Stasiun TV Korsel SBS Bakal Masuk ke MD Entertainment (FILM) Lewat Rights Issue

Agustiyanti
1 Juli 2025, 10:04
MD entertainment, manoj punjabi, sbs, rights issue
Instagram/manojpunjabimd
Stastiun TV asal Korsel, SBS akan menjadi investor strategis PT MD Entertainment Tbk (FILM) milik Manoj Punjabi.
Button AI SummarizeMembuat ringkasan dengan AI

PT MD Entertainment Tbk (FILM) bakal menggelar Penambahan Modal dengan Hak Memesan Efek Terlebih Dahulu (PMHMETD) atau rights issue dengan target dana mencapai Rp 791,8 miliar. Melalui aksi korporasi ini, Stasiun televisi asal Korea Selatan, SBS Co., Ltd akan masuk menjadi salah satu investor strategis. 

Berdasarkan prospektus yang dipublikasikan perseroan di Bursa Efek Indonesia, MD Entertainment akan menawarkan 898,78 juta saham atau setara 9,09% dari modal ditempatkan dan disetor penuh setelah rights issue. Setiap pemegang saham yang memiliki 10 lembar saham lama yang terdaftar pada 8 Juli 2025 pukul 16.00 WIB berhak mempunyai satu saham baru. 

Adapun harga pelaksanaan ditetapkan Rp 800 per saham sehingga dana yang akan diperoleh FILM melalui aksi korporasi ini mencapai Rp 791,8 miliar. 

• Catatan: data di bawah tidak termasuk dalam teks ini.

Theorem theorem2p2 (a b : Rbar) (phi f : R -> R) (t : R) :
  Rbar_lt a b ->
  strictly_monotone_on a b phi ->
  (exists x0, in_I a b x0 /\ f x0 <> 0) ->
  0 < t < 1 ->
  ((forall x y, in_I a b x -> in_I a b y ->
      (t * f x + (1 - t) * f y) * phi (t * x + (1 - t) * y)
      = t * f x * phi x + (1 - t) * f y * phi y)
   <->
   ((forall x, in_I a b x -> f x <> 0) /\
    twice_diff_on a b f /\ twice_diff_on a b phi /\
    (forall x, in_I a b x ->
       2 * Derive f x * Derive phi x + f x * Derive_n phi 2 x = 0) /\
    (exists p : R, (t - 1/2) * p = 0 /\
       forall x, in_I a b x -> Derive_n f 2 x = p * f x)))
  /\
  ((forall x, in_I a b x -> f x <> 0) /\
    twice_diff_on a b f /\ twice_diff_on a b phi /\
    (forall x, in_I a b x ->
       2 * Derive f x * Derive phi x + f x * Derive_n phi 2 x = 0) /\
    (exists p : R, (t - 1/2) * p = 0 /\
       forall x, in_I a b x -> Derive_n f 2 x = p * f x)
   <->
   ((forall x, in_I a b x -> f x <> 0) /\
    exists p : R, (t - 1/2) * p = 0 /\
      pair_equiv_on a b f (fun x => f x * phi x) (S_ p) (C_ p))).
Proof.
  intros _ Hm Hx0 Ht. (* a < b follows from x0 in I *)
  assert (Hne : exists x0, in_I a b x0) by (destruct Hx0 as [x0 [Hx0 _]]; now exists x0).
  split; split.
  - now apply i_to_ii.
  - intros H. now apply iii_to_i, ii_to_iii.
  - now apply ii_to_iii.
  - apply iii_to_ii.
Qed.
Lemma piecewise_translation_affine (f g : R -> R) (a b c lo hi : R) : 0 < b ->
  piecewise_translation g lo hi ->
  (forall u, lo <= u < hi -> f (a + b * u) = c + b * g u) ->
  piecewise_translation f (a + b * lo) (a + b * hi).
Proof.
  intros Hb (m & e & E0 & Em & Einc & Etr) Hf.
  exists m, (fun k => a + b * e k). repeat split.
  - rewrite E0; reflexivity.
  - rewrite Em; reflexivity.
  - intros k Hk. specialize (Einc k Hk). nra.
  - intros k Hk. destruct (Etr k Hk) as [t Ht]. exists (c - a + b * t). intros x Hx.
    pose proof (increasing_bounds m e Einc k ltac:(lia)).
    pose proof (increasing_bounds m e Einc (S k) ltac:(lia)).
    set (u := (x - a) / b).
    assert (Ex : x = a + b * u) by (unfold u; field; lra).
    assert (Hu : e k <= u < e (S k)) by (rewrite Ex in Hx; nra).
    rewrite Ex, Hf, (Ht u Hu) by lra. ring.
Qed.

Definition wreath (n : nat) (s : nat -> nat) (p : nat -> R -> R) (x : R) : R :=
  if excluded_middle_informative (in01 x)
  then (INR (s (block_index n x)) + p (block_index n x) (block_offset n x)) / INR n
  else x.

Lemma wreath_block (n : nat) (s : nat -> nat) (p : nat -> R -> R) (i : nat) (u : R) :
  (i < n)%nat -> in01 u -> wreath n s p ((INR i + u) / INR n) = (INR (s i) + p i u) / INR n.
Proof.
  intros Hi Hu. unfold wreath.
  destruct (excluded_middle_informative _) as [_|Out].
  - destruct (block_index_offset n i u Hi Hu) as [-> ->]. reflexivity.
  - exfalso. exact (Out (in01_block n i u Hi Hu)).
Qed.

Lemma wreath_out (n : nat) (s : nat -> nat) (p : nat -> R -> R) (x : R) :
  ~ in01 x -> wreath n s p x = x.
Proof.
  intros Out. unfold wreath. destruct (excluded_middle_informative _); tauto.
Qed.

Lemma piecewise_translation_wreath (n : nat) (s : nat -> nat) (p : nat -> R -> R) :
  (0 < n)%nat -> (forall i, (i < n)%nat -> piecewise_translation (p i) 0 1) ->
  piecewise_translation (wreath n s p) 0 1.
Proof.
  intros Hn Hp. pose proof (lt_0_INR n Hn).
  assert (Blocks : forall k, (k <= n)%nat ->
            piecewise_translation (wreath n s p) 0 (INR k / INR n)).
  { induction k as [|k IH]; intros Hk.
    - exists 0%nat, (fun _ => 0). repeat split; intros; simpl; try lia. field. lra.
    - apply piecewise_translation_trans with (INR k / INR n); [apply IH; lia|].
      assert (Block := piecewise_translation_affine (wreath n s p) (p k)
        (INR k / INR n) (/ INR n) (INR (s k) / INR n) 0 1
        ltac:(apply Rinv_0_lt_compat; lra) (Hp k ltac:(lia))).
      replace (INR k / INR n + / INR n * 0) with (INR k / INR n) in Block by (field; lra).
      replace (INR k / INR n + / INR n * 1) with (INR (S k) / INR n) in Block
        by (rewrite S_INR; field; lra).
      apply Block. intros u Hu.
      replace (INR k / INR n + / INR n * u) with ((INR k + u) / INR n) by (field; lra).
      rewrite wreath_block by (unfold in01; lia || lra). field. lra. }
  pose proof (Blocks n (le_n n)) as All.
  replace (INR n / INR n) with 1 in All by (field; lra). exact All.
Qed.

Lemma is_IET_wreath (n : nat) (s t : nat -> nat) (p : nat -> R -> R) : (0 < n)%nat ->
  (forall i, (i < n)%nat -> (s i < n)%nat) -> (forall j, (j < n)%nat -> (t j < n)%nat) ->
  (forall i, (i < n)%nat -> t (s i) = i) -> (forall j, (j < n)%nat -> s (t j) = j) ->
  (forall i, (i < n)%nat -> is_IET (p i)) -> is_IET (wreath n s p).
Proof.
  intros Hn Hs Ht Hts Hst Hp.
  split; [|split; [|split; [|split]]].
  - apply wreath_out.
  - intros x Hx. destruct (block_decompose n x Hn Hx) as (i & u & Hi & Hu & ->).
    rewrite wreath_block by assumption. apply in01_block; [auto|].
    apply (Hp i Hi); exact Hu.
  - intros y Hy. destruct (block_decompose n y Hn Hy) as (j & v & Hj & Hv & ->).
    destruct (Hp (t j) (Ht j Hj)) as (_ & _ & Onto & _).
    destruct (Onto v Hv) as (u & Hu & Hpu).
    exists ((INR (t j) + u) / INR n). split; [apply in01_block; auto|].
    rewrite wreath_block, Hpu, Hst by auto. reflexivity.
  - intros x1 x2 Hx1 Hx2.
    destruct (block_decompose n x1 Hn Hx1) as (i1 & u1 & Hi1 & Hu1 & ->).
    destruct (block_decompose n x2 Hn Hx2) as (i2 & u2 & Hi2 & Hu2 & ->).
    rewrite !wreath_block by assumption. intros E.
    destruct (Hp i1 Hi1) as (_ & Maps1 & _ & Inj1 & _).
    destruct (Hp i2 Hi2) as (_ & Maps2 & _).
    destruct (block_inj n _ _ _ _ Hn (Maps1 u1 Hu1) (Maps2 u2 Hu2) E) as [Es Ep].
    assert (i1 = i2) by (rewrite <- (Hts i1 Hi1), <- (Hts i2 Hi2), Es; reflexivity).
    subst i2. rewrite (Inj1 u1 u2 Hu1 Hu2 Ep). reflexivity.
  - apply piecewise_translation_wreath; [exact Hn|].
    intros i Hi. apply (Hp i Hi).
Qed.
(* For any finite alphabet $\mathfrak{G}$, the $\mathfrak{G}$-prefix poset is a meet-semilattice for the operation $\wedge$. Moreover, each interval $[\mathfrak{s},\mathfrak{t}]$ of this poset is a distributive lattice for the operations $\wedge$ and $\vee$.
   Context: $\mathfrak{G}$ is a finite alphabet (letters with arities $\geq 1$). A $\mathfrak{G}$-tree is either the leaf (the tree with no internal node) or $\mathtt{a}[\mathfrak{t}_1,\dots,\mathfrak{t}_{|\mathtt{a}|}]$, a root decorated by $\mathtt{a}\in\mathfrak{G}$ with children $\mathfrak{t}_1,\dots,\mathfrak{t}_{|\mathtt{a}|}$. The $\mathfrak{G}$-prefix poset is the set of $\mathfrak{G}$-trees ordered by $\mathfrak{s}\preceq\mathfrak{t}$ iff $\mathfrak{s}$ is a prefix of $\mathfrak{t}$, i.e. $\mathfrak{t}$ is obtained by grafting some $\mathfrak{G}$-trees onto the leaves of $\mathfrak{s}$. The intersection $\wedge$ is defined by: $\mathfrak{t}\wedge\text{leaf} = \text{leaf} = \text{leaf}\wedge\mathfrak{t}$; $\mathtt{a}[\dots]\wedge\mathtt{b}[\dots] = \text{leaf}$ if $\mathtt{a}\neq\mathtt{b}$; $\mathtt{a}[\mathfrak{t}_1,\dots,\mathfrak{t}_k]\wedge\mathtt{a}[\mathfrak{t}'_1,\dots,\mathfrak{t}'_k] = \mathtt{a}[\mathfrak{t}_1\wedge\mathfrak{t}'_1,\dots,\mathfrak{t}_k\wedge\mathfrak{t}'_k]$. The partial union $\vee$ is defined by: $\mathfrak{t}\vee\text{leaf} = \mathfrak{t} = \text{leaf}\vee\mathfrak{t}$; $\mathtt{a}[\mathfrak{t}_1,\dots,\mathfrak{t}_k]\vee\mathtt{a}[\mathfrak{t}'_1,\dots,\mathfrak{t}'_k] = \mathtt{a}[\mathfrak{t}_1\vee\mathfrak{t}'_1,\dots,\mathfrak{t}_k\vee\mathfrak{t}'_k]$; and it is undefined on two trees whose roots have different decorations. *)

From mathcomp Require Import all_boot.
Set Implicit Arguments. Unset Strict Implicit. Unset Printing Implicit Defensive.

Section Trees.
Variable G : finType.
Variable ar : G -> nat.

Inductive tree : Type :=
  | Leaf : tree
  | Node : G -> seq tree -> tree.

Fixpoint gwf (t : tree) : bool :=
  match t with
  | Leaf => true
  | Node a ts =>
      (size ts == ar a) &&
      (fix go (l : seq tree) : bool :=
         match l with [::] => true | x :: xs => gwf x && go xs end) ts
  end.

(* s is a gprefix of t: t is obtained by grafting trees on the leaves of s. *)
Fixpoint gprefix (s t : tree) : bool :=
  match s, t with
  | Leaf, _ => true
  | Node _ _, Leaf => false
  | Node a ss, Node b ts =>
      (a == b) &&
      (fix go (l1 l2 : seq tree) : bool :=
         match l1, l2 with
         | [::], [::] => true
         | x :: xs, y :: ys => gprefix x y && go xs ys
         | _, _ => false
         end) ss ts
  end.

Fixpoint gmeet (s t : tree) : tree :=
  match s, t with
  | Node a ss, Node b ts =>
      if a == b then
        Node a ((fix go (l1 l2 : seq tree) : seq tree :=
                   match l1, l2 with
                   | x :: xs, y :: ys => gmeet x y :: go xs ys
                   | _, _ => [::]
                   end) ss ts)
      else Leaf
  | _, _ => Leaf
  end.

Fixpoint gjoin (s t : tree) : option tree :=
  match s, t with
  | Leaf, _ => Some t
  | _, Leaf => Some s
  | Node a ss, Node b ts =>
      if a == b then
        match (fix go (l1 l2 : seq tree) : option (seq tree) :=
                 match l1, l2 with
                 | [::], [::] => Some [::]
                 | x :: xs, y :: ys =>
                     match gjoin x y, go xs ys with
                     | Some z, Some zs => Some (z :: zs)
                     | _, _ => None
                     end
                 | _, _ => None
                 end) ss ts with
        | Some us => Some (Node a us)
        | None => None
        end
      else None
  end.

End Trees.

From mathcomp Require Import all_boot.
From Stdlib Require List.
Set Implicit Arguments. Unset Strict Implicit. Unset Printing Implicit Defensive.

(* All operations recurse on two trees simultaneously, so every property of
   prefix, intersection and union reduces, at a common root, to the same
   property of the children compared position by position.  The one global
   fact is that two prefixes of a common tree carry the same letter wherever
   both have a node; hence their partial union is defined, which makes every
   interval [s, t] closed under both operations.  Distributivity then holds
   node by node. *)

Section GTrees.
Variable G : finType.

Fixpoint tree_ind_forall (P : tree G -> Prop) (P_leaf : P (Leaf G))
    (P_node : forall a ts, List.Forall P ts -> P (Node a ts)) (t : tree G) : P t :=
  match t with
  | Leaf => P_leaf
  | Node a ts =>
      P_node a ts ((fix go (l : seq (tree G)) : List.Forall P l :=
        match l with
        | [::] => List.Forall_nil P
        | x :: xs => List.Forall_cons x (tree_ind_forall P_leaf P_node x) (go xs)
        end) ts)
  end.

(* The inner fixpoints of [gmeet] and [gjoin], named so that the node
   equations below hold by conversion. *)
Definition gmeet_seq := fix go (l1 l2 : seq (tree G)) : seq (tree G) :=
  match l1, l2 with
  | x :: xs, y :: ys => gmeet x y :: go xs ys
  | _, _ => [::]
  end.

Definition gjoin_seq := fix go (l1 l2 : seq (tree G)) : option (seq (tree G)) :=
  match l1, l2 with
  | [::], [::] => Some [::]
  | x :: xs, y :: ys =>
      match gjoin x y, go xs ys with
      | Some z, Some zs => Some (z :: zs)
      | _, _ => None
      end
  | _, _ => None
  end.

Lemma gprefix_node a b ss ts :
  gprefix (Node a ss) (Node b ts) = (a == b) && all2 (@gprefix G) ss ts.
Proof. by []. Qed.

Lemma gwf_node (ar : G -> nat) a ts :
  gwf ar (Node a ts) = (size ts == ar a) && all (gwf ar) ts.
Proof. by []. Qed.

Lemma gmeet_node a b ss ts :
  gmeet (Node a ss) (Node b ts) = if a == b then Node a (gmeet_seq ss ts) else Leaf G.
Proof. by []. Qed.

Lemma gjoin_node a b ss ts :
  gjoin (Node a ss) (Node b ts) =
  if a == b then omap (Node a) (gjoin_seq ss ts) else None.
Proof. by rewrite /= -/(gjoin_seq ss ts); case: gjoin_seq. Qed.

Lemma gjoin_seq_cons x y xs ys :
  gjoin_seq (x :: xs) (y :: ys) =
  match gjoin x y, gjoin_seq xs ys with
  | Some z, Some zs => Some (z :: zs)
  | _, _ => None
  end.
Proof. by []. Qed.

Lemma gjoin_seq_consP x y xs ys js :
  gjoin_seq (x :: xs) (y :: ys) = Some js ->
  exists z zs, [/\ gjoin x y = Some z, gjoin_seq xs ys = Some zs & js = z :: zs].
Proof.
rewrite gjoin_seq_cons; case: gjoin => [z|] //.
by case: gjoin_seq => [zs|] // [<-]; exists z, zs.
Qed.

Lemma gjoin_leafr (t : tree G) : gjoin t (Leaf G) = Some t.
Proof. by case: t. Qed.

Lemma gprefix_refl (t : tree G) : gprefix t t.
Proof.
elim/tree_ind_forall: t => [|a ts IH] //; rewrite gprefix_node eqxx /=.
by elim: ts IH => [|x xs IHl] //= /List.Forall_cons_iff[-> /IHl].
Qed.

Lemma gprefix_anti (s t : tree G) : gprefix s t -> gprefix t s -> s = t.
Proof.
elim/tree_ind_forall: s t => [|a ss IH] [|b ts] //.
rewrite !gprefix_node => /andP[/eqP<- st] /andP[_ ts_]; congr Node.
elim: ss ts IH st ts_ => [|x xs IHl] [|y ys] //= /List.Forall_cons_iff[Hx Hxs].
by move=> /andP[xy xsys] /andP[yx ysxs]; rewrite (Hx y xy yx) (IHl ys Hxs xsys ysxs).
Qed.

Lemma gprefix_trans (s t u : tree G) : gprefix s t -> gprefix t u -> gprefix s u.
Proof.
elim/tree_ind_forall: s t u => [|a ss IH] [|b ts] [|c us] //.
rewrite !gprefix_node => /andP[/eqP<- st] /andP[/eqP<- tu]; rewrite eqxx /=.
elim: ss ts us IH st tu => [|x xs IHl] [|y ys] [|z zs] //= /List.Forall_cons_iff[Hx Hxs].
by move=> /andP[xy xsys] /andP[yz yszs]; rewrite (Hx y z xy yz) (IHl ys zs Hxs xsys yszs).
Qed.

Lemma gmeetC (s t : tree G) : gmeet s t = gmeet t s.
Proof.
elim/tree_ind_forall: s t => [|a ss IH] [|b ts] //; rewrite !gmeet_node eq_sym.
case: eqP => [<-|//]; congr Node.
by elim: ss ts IH => [|x xs IHl] [|y ys] //= /List.Forall_cons_iff[-> /IHl->].
Qed.

Lemma gprefix_gmeet (u s t : tree G) :
  gprefix u s -> gprefix u t -> gprefix u (gmeet s t).
Proof.
elim/tree_ind_forall: u s t => [|a us IH] [|b ss] [|c ts] //.
rewrite !gprefix_node gmeet_node => /andP[/eqP<- us_] /andP[/eqP<- ut].
rewrite eqxx gprefix_node eqxx /=.
elim: us ss ts IH us_ ut => [|x xs IHl] [|y ys] [|z zs] //= /List.Forall_cons_iff[Hx Hxs].
by move=> /andP[xy xsys] /andP[xz xszs]; rewrite (Hx y z xy xz) (IHl ys zs Hxs xsys xszs).
Qed.

Lemma gjoinC (s t : tree G) : gjoin s t = gjoin t s.
Proof.
elim/tree_ind_forall: s t => [|a ss IH] [|b ts] //; rewrite !gjoin_node eq_sym.
case: eqP => [<-|//]; congr omap.
elim: ss ts IH => [|x xs IHl] [|y ys] // /List.Forall_cons_iff[Hx Hxs].
by rewrite !gjoin_seq_cons Hx IHl.
Qed.

Lemma gjoin_bounded (u v t : tree G) :
  gprefix u t -> gprefix v t -> exists j, gjoin u v = Some j.
Proof.
elim/tree_ind_forall: u v t => [|a us IH] [|b vs] [|c ts] //; try by eexists.
rewrite !gprefix_node gjoin_node => /andP[/eqP-> ut] /andP[/eqP-> vt]; rewrite eqxx.
suff [js ->] : exists js, gjoin_seq us vs = Some js by eexists.
elim: us vs ts IH ut vt => [|x xs IHl] [|y ys] [|z zs] //; try by eexists.
move=> /List.Forall_cons_iff[Hx Hxs] /andP[xz xszs] /andP[yz yszs].
have [j xyj] := Hx y z xz yz; have [js xsysjs] := IHl ys zs Hxs xszs yszs.
by rewrite gjoin_seq_cons xyj xsysjs; eexists.
Qed.

Lemma gjoin_prefixl (u v j : tree G) : gjoin u v = Some j -> gprefix u j.
Proof.
elim/tree_ind_forall: u v j => [|a us IH] [|b vs] j //.
  by rewrite gjoin_leafr => -[<-]; apply: gprefix_refl.
rewrite gjoin_node; case: eqP => // _.
case E: gjoin_seq => [js|] // [<-]; rewrite gprefix_node eqxx /=.
elim: us vs js IH E => [|x xs IHl] [|y ys] js //; first by move=> _ [<-].
move=> /List.Forall_cons_iff[Hx Hxs] /gjoin_seq_consP[z [zs [xyz xsyszs ->]]] /=.
by rewrite (Hx _ _ xyz) (IHl _ _ Hxs xsyszs).
Qed.

Lemma gjoin_prefixr (u v j : tree G) : gjoin u v = Some j -> gprefix v j.
Proof. by rewrite gjoinC; apply: gjoin_prefixl. Qed.

Lemma gjoin_lub (u v j z : tree G) :
  gjoin u v = Some j -> gprefix u z -> gprefix v z -> gprefix j z.
Proof.
elim/tree_ind_forall: u v j z => [|a us IH] [|b vs] j z;
  [by move=> [<-] .. | idtac].
rewrite gjoin_node; case: eqP => // _.
case E: gjoin_seq => [js|] // [<-]; case: z => [|c zs] //; rewrite !gprefix_node.
move=> /andP[-> uz] /andP[_ vz] /=.
elim: us vs js zs IH E uz vz => [|x xs IHl] [|y ys] js [|w ws] //; first by move=> _ [<-].
move=> /List.Forall_cons_iff[Hx Hxs] /gjoin_seq_consP[k [ks [xyk xsysks ->]]].
move=> /andP[xw xsws] /andP[yw ysws] /=.
by rewrite (Hx _ _ _ xyk xw yw) (IHl _ _ _ Hxs xsysks xsws ysws).
Qed.

Lemma gmeetUr (u v w t : tree G) : gprefix u t -> gprefix v t -> gprefix w t ->
  omap (gmeet u) (gjoin v w) = gjoin (gmeet u v) (gmeet u w).
Proof.
elim/tree_ind_forall: u v w t => [|a us IH] v w t.
  by move=> _ vt wt; have [j ->] := gjoin_bounded vt wt.
case: t => [|c ts] //; case: v => [|b vs] //; case: w => [|d ws].
  by move=> *; rewrite !gjoin_leafr.
rewrite !gprefix_node => /andP[/eqP-> ut] /andP[/eqP-> vt] /andP[/eqP-> wt].
rewrite gjoin_node !gmeet_node !eqxx gjoin_node eqxx.
have -> : omap (gmeet (Node c us)) (omap (Node c) (gjoin_seq vs ws)) =
          omap (Node c) (omap (gmeet_seq us) (gjoin_seq vs ws)).
  by case: gjoin_seq => //= js; rewrite eqxx.
congr omap.
elim: us vs ws ts IH ut vt wt => [|x xs IHl] [|y ys] [|z zs] [|r rs] //.
move=> /List.Forall_cons_iff[Hx Hxs] /andP[xr xsrs] /andP[yr ysrs] /andP[zr zsrs].
rewrite !gjoin_seq_cons -(Hx _ _ _ xr yr zr) -(IHl _ _ _ Hxs xsrs ysrs zsrs).
by case: (gjoin y z) => [j|]; case: (gjoin_seq ys zs).
Qed.

Section WellFormed.
Variable ar : G -> nat.

Lemma gmeet_wf (s t : tree G) : gwf ar s -> gwf ar t -> gwf ar (gmeet s t).
Proof.
elim/tree_ind_forall: s t => [|a ss IH] [|b ts] //; rewrite gmeet_node.
case: eqP => [<-|//]; rewrite !gwf_node => /andP[/eqP <- wss] /andP[/eqP sz wts].
elim: ss ts IH wss wts sz => [|x xs IHl] [|y ys] //= /List.Forall_cons_iff[Hx Hxs].
move=> /andP[wx wxs] /andP[wy wys] [/(IHl ys Hxs wxs wys)/andP[/eqP-> ->]].
by rewrite (Hx y wx wy) eqxx.
Qed.

Lemma gmeet_prefixl (s t : tree G) : gwf ar s -> gwf ar t -> gprefix (gmeet s t) s.
Proof.
elim/tree_ind_forall: s t => [|a ss IH] [|b ts] //; rewrite gmeet_node.
case: eqP => [<-|//]; rewrite !gwf_node gprefix_node eqxx /=.
move=> /andP[/eqP szs wss] /andP[/eqP szt wts]; have := etrans szs (esym szt).
elim: ss ts IH wss wts {szs szt} => [|x xs IHl] [|y ys] //= /List.Forall_cons_iff[Hx Hxs].
by move=> /andP[wx wxs] /andP[wy wys] [/(IHl ys Hxs wxs wys)->]; rewrite (Hx y wx wy).
Qed.

Lemma gmeet_prefixr (s t : tree G) : gwf ar s -> gwf ar t -> gprefix (gmeet s t) t.
Proof. by move=> ws wt; rewrite gmeetC gmeet_prefixl. Qed.

Lemma gjoin_wf (u v j : tree G) : gjoin u v = Some j -> gwf ar u -> gwf ar v -> gwf ar j.
Proof.
elim/tree_ind_forall: u v j => [|a us IH] [|b vs] j;
  [by move=> [<-] .. | idtac].
rewrite gjoin_node; case: eqP => // _.
case E: gjoin_seq => [js|] // [<-]; rewrite !gwf_node => /andP[/eqP <- wus] /andP[_ wvs].
elim: us vs js IH E wus wvs => [|x xs IHl] [|y ys] js //; first by move=> _ [<-].
move=> /List.Forall_cons_iff[Hx Hxs] /gjoin_seq_consP[k [ks [xyk xsysks ->]]].
move=> /andP[wx wxs] /andP[wy wys] /=.
have /andP[/eqP szks wks] := IHl _ _ Hxs xsysks wxs wys.
by rewrite szks eqxx (Hx _ _ xyk wx wy) wks.
Qed.

End WellFormed.
End GTrees.

Unset Implicit Arguments.

Theorem proposition3p5 (G : finType) (ar : G -> nat)
  (ar_pos : forall a : G, 0 < ar a) :
  (* the gprefix order is a partial order on G-trees *)
  (forall s, gwf ar s -> gprefix s s) /\
  (forall s t, gwf ar s -> gwf ar t -> gprefix s t -> gprefix t s -> s = t) /\
  (forall s t u, gwf ar s -> gwf ar t -> gwf ar u ->
     gprefix s t -> gprefix t u -> gprefix s u) /\
  (* gmeet-semilattice for the intersection *)
  (forall s t, gwf ar s -> gwf ar t ->
     [/\ gwf ar (gmeet s t), gprefix (gmeet s t) s, gprefix (gmeet s t) t &
         forall u, gwf ar u -> gprefix u s -> gprefix u t -> gprefix u (gmeet s t)]) /\
  (* every interval [s, t] is a distributive lattice for gmeet and gjoin *)
  (forall s t, gwf ar s -> gwf ar t ->
     (forall u v, gwf ar u -> gwf ar v ->
        gprefix s u -> gprefix u t -> gprefix s v -> gprefix v t ->
        (gprefix s (gmeet u v) /\ gprefix (gmeet u v) t) /\
        (exists j, gjoin u v = Some j /\ gwf ar j /\ gprefix s j /\ gprefix j t /\
                       gprefix u j /\ gprefix v j /\
                       forall z, gwf ar z -> gprefix s z -> gprefix z t ->
                         gprefix u z -> gprefix v z -> gprefix j z)) /\
     (forall u v w, gwf ar u -> gwf ar v -> gwf ar w ->
        gprefix s u -> gprefix u t -> gprefix s v -> gprefix v t ->
        gprefix s w -> gprefix w t ->
        omap (gmeet u) (gjoin v w) = gjoin (gmeet u v) (gmeet u w))).
Proof.
split; first by move=> s _; apply: gprefix_refl.
split; first by move=> s t _ _; apply: gprefix_anti.
split; first by move=> s t u _ _ _; apply: gprefix_trans.
split.
  move=> s t ws wt; split; [exact: gmeet_wf | exact: gmeet_prefixl ws wt |
                             exact: gmeet_prefixr ws wt | by move=> u _; apply: gprefix_gmeet].
move=> s t _ _; split=> [u v wu wv su ut sv vt|u v w _ _ _ _ ut _ vt _ wt]; last first.
  exact: gmeetUr ut vt wt.
split; first by split; [apply: gprefix_gmeet | apply: gprefix_trans (gmeet_prefixl wu wv) ut].
have [j uvj] := gjoin_bounded ut vt.
exists j; split=> //; split; first exact: gjoin_wf uvj wu wv.
split; first exact: gprefix_trans su (gjoin_prefixl uvj).
split; first exact: gjoin_lub uvj ut vt.
split; first exact: gjoin_prefixl uvj.
split; first exact: gjoin_prefixr uvj.
by move=> z _ _ _; apply: gjoin_lub uvj.
Qed.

Dalam pelaksanaan rigths issue ini, PT MD Corp Enterprises yang merupakan pemegang saham mayoritas MD Entertainment dengan kepemilikan mencapai 48,53% akan melepas seluruh haknya untuk membeli 480.316.458 saham baru. Sebanyak 66.516.458 saham akan dialihkan kepada Manoj Dhamoo Punjabi dan 413.800.000 saham kepada SBS Co., Ltd. 

Dengan harga pelaksanaan Rp 800, nilai pembelian saham FILM oleh SBS mencapai Rp 331 miliar. Sedangkan nilai pembelian saham Manoj Dhamoo Punjabi dari pengalihan hak MD Corp Enterprise sebesar Rp 53 miliar. 

Manoj Dhamoo Punjabi juga akan melaksanakan seluruh HMETD yang dimilikinya yaitu sebanyak 184.453.559 saham atau Rp 147,6 miliar.

Adapun setelah PHMETD, SBS akan memiliki 3,8% saham MD Entertainment. Sedangkan porsi kepemilikan saham PT MD Corp Enterprises akan turun menjadi 44,12% dan porsi saham Manoj Dhamoo Punjabi naik menjadi 12,53%. 

Sementara itu, Morgan Stanley and Co Intl tetap menggenggam 11,51%, PT Samuel Sekuritas Indonesia 7,52%, Shania Manoj Punjabi 0,19%, Sanjeva Advani 0,03%, dan masyarakat 0,03%. 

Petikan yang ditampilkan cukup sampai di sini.